Thread: performance hit for replication

performance hit for replication

From

"Matthew Nuzum"

Date:

12 April 2005, 13:25:25

I'd like to create a fail-over server in case of a problem. Ideally, it
would be synchronized with our main database server, but I don't see any
major problem with having a delay of up to 4 hours between syncs.

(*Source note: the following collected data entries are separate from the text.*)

Lemma interleave_cross (A B : {set T}) (P1 P2 P3 Q1 Q2 : seq T) :
  [disjoint A & B] -> ranking_of A (Q1 ++ Q2) -> ranking_of B (P1 ++ P2 ++ P3) ->
  cross_ordering A B (Q1 ++ Q2) (P1 ++ P2 ++ P3) (P1 ++ Q1 ++ P2 ++ Q2 ++ P3).
Proof.
move=> dAB [uQ memQ] [uP memP].
have perm : perm_eq (P1 ++ Q1 ++ P2 ++ Q2 ++ P3) ((Q1 ++ Q2) ++ (P1 ++ P2 ++ P3)).
  by apply/permP => p; rewrite !count_cat; lia.
have keepA s : {subset s <= Q1 ++ Q2} -> [seq x <- s | x \in A] = s.
  by move=> sQ; apply/all_filterP/allP => x /sQ; rewrite memQ.
have keepB s : {subset s <= P1 ++ P2 ++ P3} -> [seq x <- s | x \in B] = s.
  by move=> sP; apply/all_filterP/allP => x /sP; rewrite memP.
have dropA s : {subset s <= P1 ++ P2 ++ P3} -> [seq x <- s | x \in A] = [::].
  move=> sP; rewrite -[RHS](filter_pred0 s); apply: eq_in_filter => x /sP.
  by rewrite memP => /(disjointFl dAB) ->.
have dropB s : {subset s <= Q1 ++ Q2} -> [seq x <- s | x \in B] = [::].
  move=> sQ; rewrite -[RHS](filter_pred0 s); apply: eq_in_filter => x /sQ.
  by rewrite memQ => /(disjointFr dAB) ->.
split.
- rewrite (perm_uniq perm) cat_uniq uQ uP andbT; apply/hasPn => x.
  by rewrite memP memQ => /(disjointFl dAB) ->.
- by move=> x; rewrite (perm_mem perm) mem_cat memQ memP inE.
- rewrite !filter_cat (dropA P1) ?(keepA Q1) ?(dropA P2) ?(keepA Q2) ?(dropA P3) ?cats0 //;
    by move=> x xs; rewrite !mem_cat xs ?orbT.
- rewrite !filter_cat (keepB P1) ?(dropB Q1) ?(keepB P2) ?(dropB Q2) ?(keepB P3) //;
    by move=> x xs; rewrite !mem_cat xs ?orbT.
Qed.

Definition sweep (pa pb : seq T) (q k : nat) : seq T :=
  take q pb ++ take k pa ++ take 1 (drop q pb) ++ drop k pa ++ drop 1 (drop q pb).

Lemma sweep_cross (A B : {set T}) (pa pb : seq T) q k :
  [disjoint A & B] -> ranking_of A pa -> ranking_of B pb ->
  cross_ordering A B pa pb (sweep pa pb q k).
Proof.
move=> dAB.
have := @interleave_cross A B (take q pb) (take 1 (drop q pb)) (drop 1 (drop q pb))
  (take k pa) (drop k pa) dAB.
by rewrite !cat_take_drop.
Qed.

Lemma sweep_above_all (pa pb : seq T) q :
  sweep pa pb q (size pa) = take q pb ++ pa ++ drop q pb.
Proof. by rewrite /sweep take_size drop_size /= cat_take_drop. Qed.

Lemma sweep_below_all (pa pb : seq T) q :
  sweep pa pb q 0 = take q.+1 pb ++ pa ++ drop q.+1 pb.
Proof. by rewrite /sweep take0 drop0 /= -[q.+1]addn1 takeD addnC -drop_drop -catA. Qed.

Lemma sweep_swap (pa pb : seq T) q k : (k < size pa)%N -> (q < size pb)%N ->
  exists L R x y, [/\ x \in pa, y \in pb,
    sweep pa pb q k.+1 = L ++ x :: y :: R & sweep pa pb q k = L ++ y :: x :: R].
Proof.
move=> lt_k lt_q; rewrite /sweep -[k.+1]addn1 takeD addnC -drop_drop.
case Ea: (drop k pa) => [|x ra].
  by move: (size_drop k pa) lt_k; rewrite Ea -subn_gt0 => <-.
case Eb: (drop q pb) => [|y rb].
  by move: (size_drop q pb) lt_q; rewrite Eb -subn_gt0 => <-.
exists (take q pb ++ take k pa), (ra ++ rb), x, y; split.
- by rewrite -(cat_take_drop k pa) Ea mem_cat inE eqxx orbT.
- by rewrite -(cat_take_drop q pb) Eb mem_cat inE eqxx orbT.
- by rewrite /= !take0 !drop0 -!catA.
- by rewrite /= !take0 !drop0 -!catA.
Qed.

End Rankings.

Lemma balanced_cross_ordering (T : finType) (A B : {set T}) (pa pb : seq T)
    (g : seq T -> rat) (s : rat) :
  [disjoint A & B] -> ranking_of A pa -> ranking_of B pb ->
  (0 < size pa)%N -> (0 < size pb)%N ->
  0 <= g (pa ++ pb) -> g (pb ++ pa) <= 0 ->
  (forall L R x y, x \in A -> y \in B ->
     g (L ++ x :: y :: R) - g (L ++ y :: x :: R) <= s) ->
  exists o, cross_ordering A B pa pb o /\ `|g o| <= s.
Proof.
move=> dAB ra rb pa_gt0 pb_gt0 g_start g_end g_step.
have g_top : 0 <= g (sweep pa pb 0 (size pa)).
  by rewrite sweep_above_all take0 drop0.
have g_bot : g (sweep pa pb (size pb) (size pa)) <= 0.
  by rewrite sweep_above_all take_size drop_size cats0.
have [q lt_q [gq gq1]] :=
  sign_change (g := fun q => g (sweep pa pb q (size pa))) pb_gt0 g_top g_bot.
have gq' : 0 <= g (sweep pa pb q (size pa - 0)) by rewrite subn0.
have gq1' : g (sweep pa pb q (size pa - size pa)) <= 0.
  by rewrite subnn sweep_below_all -sweep_above_all.
have [m lt_m [gm gm1]] :=
  sign_change (g := fun m => g (sweep pa pb q (size pa - m))) pa_gt0 gq' gq1'.
have lt_k : (size pa - m.+1 < size pa)%N by lia.
have Ek : (size pa - m = (size pa - m.+1).+1)%N by lia.
have [L [R [x [y [x_pa y_pb Ehi Elo]]]]] := sweep_swap lt_k lt_q.
exists (sweep pa pb q (size pa - m.+1).+1); split; first exact: sweep_cross.
have [[_ memA] [_ memB]] := (ra, rb).
have := g_step L R x y; rewrite -memA -memB x_pa y_pb -Ehi -Elo => /(_ isT isT).
move: gm gm1; rewrite /= Ek => gm gm1 step.
by rewrite ger0_norm //; lra.
Qed.

Lemma card_differ_le (U : finType) (F G : pred U) (a b : U) :
  (forall p, p != a -> p != b -> F p = G p) ->
  (#|[set p | F p]| <= #|[set p | G p]| + (F a + F b))%N.
Proof.
move=> FG.
rewrite (cardD1 a [set p | F p]) (cardD1 b [predD1 [set p | F p] & a]) !inE.
have -> : #|[predD1 [predD1 [set p | F p] & a] & b]| =
          #|[pred p | G p & (p != a) && (p != b)]|.
  apply: eq_card => p; rewrite !inE.
  by case Ea: (p != a); case Eb: (p != b); rewrite /= ?andbF ?andbT // FG.
have : (#|[pred p | G p & (p != a) && (p != b)]| <= #|[set p | G p]|)%N.
  by apply: subset_leq_card; apply/subsetP => p; rewrite !inE => /andP[].
have : ((b != a) && F b <= F b)%N by case: (b != a); case: (F b).
lia.
Qed.

Section PairCounts.
Variables (T : finType) (Y : T -> bool).
Implicit Types (o L R : seq T) (S Q N : {set T}) (x y u v : T).

Definition pair_count o S Q : nat :=
  #|[set p : T * T | [&& p.1 \in S, Y p.1, p.2 \in Q, ~~ Y p.2 & above o p.1 p.2]]|.

Lemma xAUCE o S Q :
  xAUC Y o S Q = (pair_count o S Q)%:R / (npos Y S * nneg Y Q)%:R.
Proof. by []. Qed.

Lemma PRFE o S Q :
  PRF Y o S Q =
  (pair_count o S (S :|: Q))%:R / (npos Y S * (nneg Y S + nneg Y Q))%:R.
Proof. by []. Qed.

Lemma pair_count_swap L R x y S Q :
  (pair_count (L ++ x :: y :: R) S Q <= pair_count (L ++ y :: x :: R) S Q
     + [&& x \in S, Y x, y \in Q & ~~ Y y] + [&& y \in S, Y y, x \in Q & ~~ Y x])%N.
Proof.
pose F o (p : T * T) := [&& p.1 \in S, Y p.1, p.2 \in Q, ~~ Y p.2 & above o p.1 p.2].
rewrite -addnA; apply: leq_trans
  (@card_differ_le _ (F (L ++ x :: y :: R)) (F (L ++ y :: x :: R)) (x, y) (y, x) _) _.
  by move=> [u v]; rewrite !xpair_eqE => nxy nyx; rewrite /F /= above_swap.
by rewrite leq_add2l /F /=; apply: leq_add; case: (above _ _ _); rewrite ?andbT ?andbF.
Qed.

Lemma pair_count_eq0 o S Q :
  (forall u v, u \in S -> v \in Q -> ~~ above o u v) -> pair_count o S Q = 0%N.
Proof.
move=> not_above; apply/eqP; rewrite cards_eq0; apply/eqP/setP => -[u v].
rewrite !inE /=; case uS: (u \in S); case vQ: (v \in Q); rewrite ?andbF //=.
by rewrite (negbTE (not_above u v uS vQ)) !andbF.
Qed.

Lemma pair_count_ge o S Q N : N \subset Q ->
  (forall u v, u \in S -> v \in N -> above o u v) ->
  (npos Y S * nneg Y N <= pair_count o S Q)%N.
Proof.
move=> /subsetP NQ all_above; rewrite /npos /nneg -cardsX.
apply: subset_leq_card; apply/subsetP => -[u v].
rewrite !inE /= => /andP[/andP[uS Yu] /andP[vN Yv]].
by rewrite uS Yu NQ // Yv all_above.
Qed.

Lemma pair_count_le o S Q N :
  (forall u v, u \in S -> v \in Q -> above o u v -> v \in N) ->
  (pair_count o S Q <= npos Y S * nneg Y N)%N.
Proof.
move=> below; rewrite /npos /nneg -cardsX.
apply: subset_leq_card; apply/subsetP => -[u v].
by rewrite !inE /= => /and5P[uS Yu vQ Yv uv]; rewrite uS Yu Yv (below u v).
Qed.

End PairCounts.

Lemma ratio_step (c c' D : nat) (e : bool) : (c <= c' + e)%N ->
  c%:R / D%:R <= c'%:R / D%:R + (if e then 1 / D%:R else 0) :> rat.
Proof.
have -> : (if e then 1 / D%:R else 0) = (e : nat)%:R / D%:R :> rat.
  by case: e; rewrite /= ?mulr1n ?mulr0n ?mul0r.
by move=> le_c; rewrite -mulrDl -natrD ler_wpM2r ?invr_ge0 ?ler0n ?ler_nat.
Qed.

Lemma gap_step (a a' b b' da db s : rat) (ea eb : bool) :
  a <= a' + (if ea then da else 0) -> b' <= b + (if eb then db else 0) ->
  ~~ (ea && eb) -> 0 <= s -> da <= s -> db <= s -> (a - b) - (a' - b') <= s.
Proof. by case: ea; case: eb => //= ha hb _ s0 hda hdb; lra. Qed.

(* The step estimate shared by both metrics: exchanging x in A above y in B
   changes the normalized gap by at most one pair weight, since the pairs
   (x, y) and (y, x) cannot both be (positive, negative). *)
Lemma gap_swap_le (T : finType) (Y : T -> bool) (A B QA QB : {set T})
    (DA DB : nat) (s : rat) (L R : seq T) (x y : T) :
  x \in A -> x \notin B -> y \in B -> y \notin A ->
  1 / DA%:R <= s -> 1 / DB%:R <= s ->
  ((pair_count Y (L ++ x :: y :: R) A QA)%:R / DA%:R
     - (pair_count Y (L ++ x :: y :: R) B QB)%:R / DB%:R)
  - ((pair_count Y (L ++ y :: x :: R) A QA)%:R / DA%:R
     - (pair_count Y (L ++ y :: x :: R) B QB)%:R / DB%:R) <= s.
Proof.
move=> xA xB yB yA hA hB.
have hiA := pair_count_swap Y L R x y A QA.
have loB := pair_count_swap Y L R y x B QB.
rewrite (negbTE yA) andFb addn0 in hiA; rewrite (negbTE xB) andFb addn0 in loB.
have s_ge0 : 0 <= s by apply: le_trans hA; rewrite divr_ge0.
apply: (gap_step (ratio_step DA hiA) (ratio_step DB loB) _ s_ge0 hA hB).
by case: (Y x); case: (Y y); rewrite ?andbF.
Qed.

Lemma share_le (c b m n : nat) : (0 < b)%N -> (c <= b * m)%N ->
  c%:R / (b * n)%:R <= m%:R / n%:R :> rat.
Proof.
move=> b_gt0 le_c; have b_neq0 : b%:R != 0 :> rat by rewrite pnatr_eq0 -lt0n.
have -> : m%:R / n%:R = (b * m)%:R / (b * n)%:R :> rat.
  by rewrite !natrM invfM mulrACA mulfV ?mul1r.
by rewrite ler_wpM2r ?invr_ge0 ?ler0n ?ler_nat.
Qed.

Lemma share_ge (c b m n : nat) : (0 < b)%N -> (b * m <= c)%N ->
  m%:R / n%:R <= c%:R / (b * n)%:R :> rat.
Proof.
move=> b_gt0 le_c; have b_neq0 : b%:R != 0 :> rat by rewrite pnatr_eq0 -lt0n.
have -> : m%:R / n%:R = (b * m)%:R / (b * n)%:R :> rat.
  by rewrite !natrM invfM mulrACA mulfV ?mul1r.
by rewrite ler_wpM2r ?invr_ge0 ?ler0n ?ler_nat.
Qed.

Lemma inv_mul_lel (a b : nat) : (0 < a)%N -> (0 < b)%N ->
  1 / (a * b)%:R <= 1 / a%:R :> rat.
Proof.
move=> a_gt0 b_gt0; rewrite !div1r lef_pV2 ?posrE ?ltr0n ?muln_gt0 ?a_gt0 ?b_gt0 //.
by rewrite ler_nat leq_pmulr.
Qed.

Lemma inv_mul_ler (a b : nat) : (0 < a)%N -> (0 < b)%N ->
  1 / (a * b)%:R <= 1 / b%:R :> rat.
Proof. by move=> a_gt0 b_gt0; rewrite mulnC inv_mul_lel. Qed.

Lemma inv_le_ratio (a n c : nat) : (0 < c)%N ->
  1 / (a * n)%:R <= c%:R / (a%:R * n%:R) :> rat.
Proof. by move=> c_gt0; rewrite -natrM ler_wpM2r ?invr_ge0 ?ler0n ?ler1n. Qed.

Section Metrics.
Variables (T : finType) (Y : T -> bool) (A B : {set T}).
Hypothesis dAB : [disjoint A & B].

Lemma xAUC_gap_swap s L R x y : x \in A -> y \in B ->
  1 / (npos Y A * nneg Y B)%:R <= s -> 1 / (npos Y B * nneg Y A)%:R <= s ->
  (xAUC Y (L ++ x :: y :: R) A B - xAUC Y (L ++ x :: y :: R) B A)
  - (xAUC Y (L ++ y :: x :: R) A B - xAUC Y (L ++ y :: x :: R) B A) <= s.
Proof.
move=> xA yB; rewrite !xAUCE; apply: gap_swap_le => //.
  by rewrite (disjointFr dAB xA).
by rewrite (disjointFl dAB yB).
Qed.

My database is a little shy of 10 Gigs, with much of that data being in an
archived log table. Every day a batch job is run which adds 100,000 records
over the course of 3 hours (the batch job does a lot of pre/post
processing).

Doing a restore of the db backup in vmware takes about 3 hours. I suspect a
powerful server with a better disk setup could do it faster, but I don't
have servers like that at my disposal, so I need to assume worst-case of 3-4
hours is typical.

So, my question is this: My server currently works great, performance wise.
I need to add fail-over capability, but I'm afraid that introducing a
stressful task such as replication will hurt my server's performance. Is
there any foundation to my fears? I don't need to replicate the archived log
data because I can easily restore that in a separate step from the nightly
backup if disaster occurs. Also, my database load is largely selects. My
application works great with PostgreSQL 7.3 and 7.4, but I'm currently using
7.3.

I'm eager to hear your thoughts and experiences,
--
Matthew Nuzum <matt@followers.net>
www.followers.net - Makers of "Elite Content Management System"
Earn a commission of $100 - $750 by recommending Elite CMS. Visit
http://www.elitecms.com/Contact_Us.partner for details.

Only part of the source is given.